之前在这里零零碎碎介绍过不少自然语言处理开源工具,这些年随着深度学习以及预训练语言模型的崛起,NLP领域有了很大的进步和变化。准备在52nlp开启一个新的系列:自然语言处理开源工具系列介绍,无论老的新的,经典的非经典的,只要是开源的NLP工具,我都准备测评一下,刚好作为一个调研和学习的过程,并且尽量把它们的基础功能集成到AINLP公众号的NLP测试接口上。关于AINLP公众号上目前的NLP工具测试Demo,主要集中在基础的中文自然语言处理工具上,感兴趣的朋友可以关注AINLP公众号对话测试:
以下是AINLP测试平台上已经集成的NLP工具索引:
五款中文分词工具在线PK: Jieba, SnowNLP, PkuSeg, THULAC, HanLP
中文分词工具在线PK新增:FoolNLTK、LTP、StanfordCoreNLP
Python中文分词工具大合集:安装、使用和测试
八款中文词性标注工具使用及在线测试
百度深度学习中文词法分析工具LAC试用之旅
来,试试百度的深度学习情感分析工具
AINLP公众号新增SnowNLP情感分析模块
斯坦福大学NLP组Python深度学习自然语言处理工具Stanza试用
中文命名实体识别工具(NER)哪家强?
这次我们依然从经典的Python英文自然语言处理工具NLTK说起,这里我们不止一次推介过NLTK。NLTK 大概是早期最知名的Python自然语言处理工具,全称"Natural Language Toolkit", 诞生于宾夕法尼亚大学,以研究和教学为目的而生,因此也特别适合入门学习。NLTK虽然主要面向英文,但是它的很多NLP模型或者模块是语言无关的,因此如果某种语言有了初步的Tokenization或者分词,NLTK的很多工具包是可以复用的。

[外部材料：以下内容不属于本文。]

(* Each point goes to the least strict upper bound of the images of its predecessors. *)
Lemma order_collapse P (ltP : P -> P -> Prop) :
  well_founded ltP -> (forall p q r, ltP p q -> ltP q r -> ltP p r) ->
  (forall p, ~ inj_le L {q | ltP q p}) ->
  exists g : P -> L, (forall p q, ltP p q -> lt (g p) (g q)) /\
    (forall p z, lt z (g p) -> exists q, ltP q p /\ g q = z).
Proof.
  intros wfP trP smP.
  pose (least_bound (g : P -> L) p z := (forall q, ltP q p -> lt (g q) z) /\
          forall z', (forall q, ltP q p -> lt (g q) z') -> ~ lt z' z).
  destruct (wf_recursive_choice P L ltP least_bound wfP L_inhabited) as [g Hg].
  { intros c c' p z Hcc' [H1 H2]. split.
    - intros q Hq. rewrite <- Hcc'; auto.
    - intros z' Hz'. apply H2. intros q Hq. rewrite Hcc'; auto. }
  assert (Hspec : forall p, least_bound g p (g p)).
  { intros p. apply Hg.
    destruct (small_image_bounded {q | ltP q p} (fun q => g (proj1_sig q)) (smP p)) as [b Hb].
    apply exists_least. exists b. intros q Hq. exact (Hb (exist _ q Hq)). }
  exists g. split.
  - intros p q H. exact (proj1 (Hspec q) p H).
  - intros p. induction (wfP p) as [p _ IH]. intros z Hz.
    destruct (classic (forall q, ltP q p -> lt (g q) z)) as [Hall|Hn].
    + destruct (proj2 (Hspec p) z Hall Hz).
    + apply not_all_ex_not in Hn. destruct Hn as [q Hq].
      apply imply_to_and in Hq. destruct Hq as [Hqp Hnl].
      destruct (not_lt_lte _ _ Hnl) as [H1| ->]; eauto.
      destruct (IH q Hqp z H1) as [q' [Hq' E]]. eauto.
Qed.

Lemma lte_maxL_l x y : lte x (maxL lt x y).
Proof. unfold maxL. destruct (excluded_middle_informative (lt x y)); auto. Qed.

Lemma lte_maxL_r x y : lte y (maxL lt x y).
Proof. unfold maxL. destruct (excluded_middle_informative (lt x y)); auto using not_lt_lte. Qed.

Lemma maxL_lt x y a : lt x a -> lt y a -> lt (maxL lt x y) a.
Proof. unfold maxL. destruct (excluded_middle_informative (lt x y)); auto. Qed.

关于NLTK,网上已经有了很多介绍资料,当然首推的NLTK学习资料依然是官方出的在线书籍 NLTK Book:Natural Language Processing with Python – Analyzing Text with the Natural Language Toolkit ,目前基于Python 3 和 NLTK 3 ,可以在线免费阅读和学习。早期的时候还有一个基于Python 2 的老版本:http://www.nltk.org/book_1ed/ ,被 O'Reilly 正式出版过,2012年的时候,国内的陈涛同学无偿翻译过一个中文版,我还在这里推荐过:推荐《用Python进行自然语言处理》中文翻译-NLTK配套书 ,后来才有了基于此版本的更正式的中文翻译版:《Python自然语言处理》。不过如果英文ok的话,优先推荐看目前官方的最新版本:http://www.nltk.org/book/
几年前我尝试写英文博客,觉得可以从NLTK的入门介绍开始,所以写了一个英文系列:Dive into NLTK,基于Python 2,感兴趣的同学可以关注:
Part I: Getting Started with NLTK
Part II: Sentence Tokenize and Word Tokenize
Part III: Part-Of-Speech Tagging and POS Tagger
Part IV: Stemming and Lemmatization
Part V: Using Stanford Text Analysis Tools in Python
Part VI: Add Stanford Word Segmenter Interface for Python NLTK
Part VII: A Preliminary Study on Text Classification
Part VIII: Using External Maximum Entropy Modeling Libraries for Text Classification
Part IX: From Text Classification to Sentiment Analysis
Part X: Play With Word2Vec Models based on NLTK Corpus
Part XI: From Word2Vec to WordNet
这个过程中使用了NLTK中嵌入的斯坦福大学文本分析工具包,发现少了斯坦福中文分词器,所以当时动手加了一个:Python自然语言处理实践: 在NLTK中使用斯坦福中文分词器
斯坦福大学自然语言处理组是世界知名的NLP研究小组,他们提供了一系列开源的Java文本分析工具,包括分词器(Word Segmenter),词性标注工具(Part-Of-Speech Tagger),命名实体识别工具(Named Entity Recognizer),句法分析器(Parser)等,可喜的事,他们还为这些工具训练了相应的中文模型,支持中文文本处理。在使用NLTK的过程中,发现当前版本的NLTK已经提供了相应的斯坦福文本处理工具接口,包括词性标注,命名实体识别和句法分析器的接口,不过可惜的是,没有提供分词器的接口。在google无果和阅读了相应的代码后,我决定照猫画虎为NLTK写一个斯坦福中文分词器接口,这样可以方便的在Python中调用斯坦福文本处理工具。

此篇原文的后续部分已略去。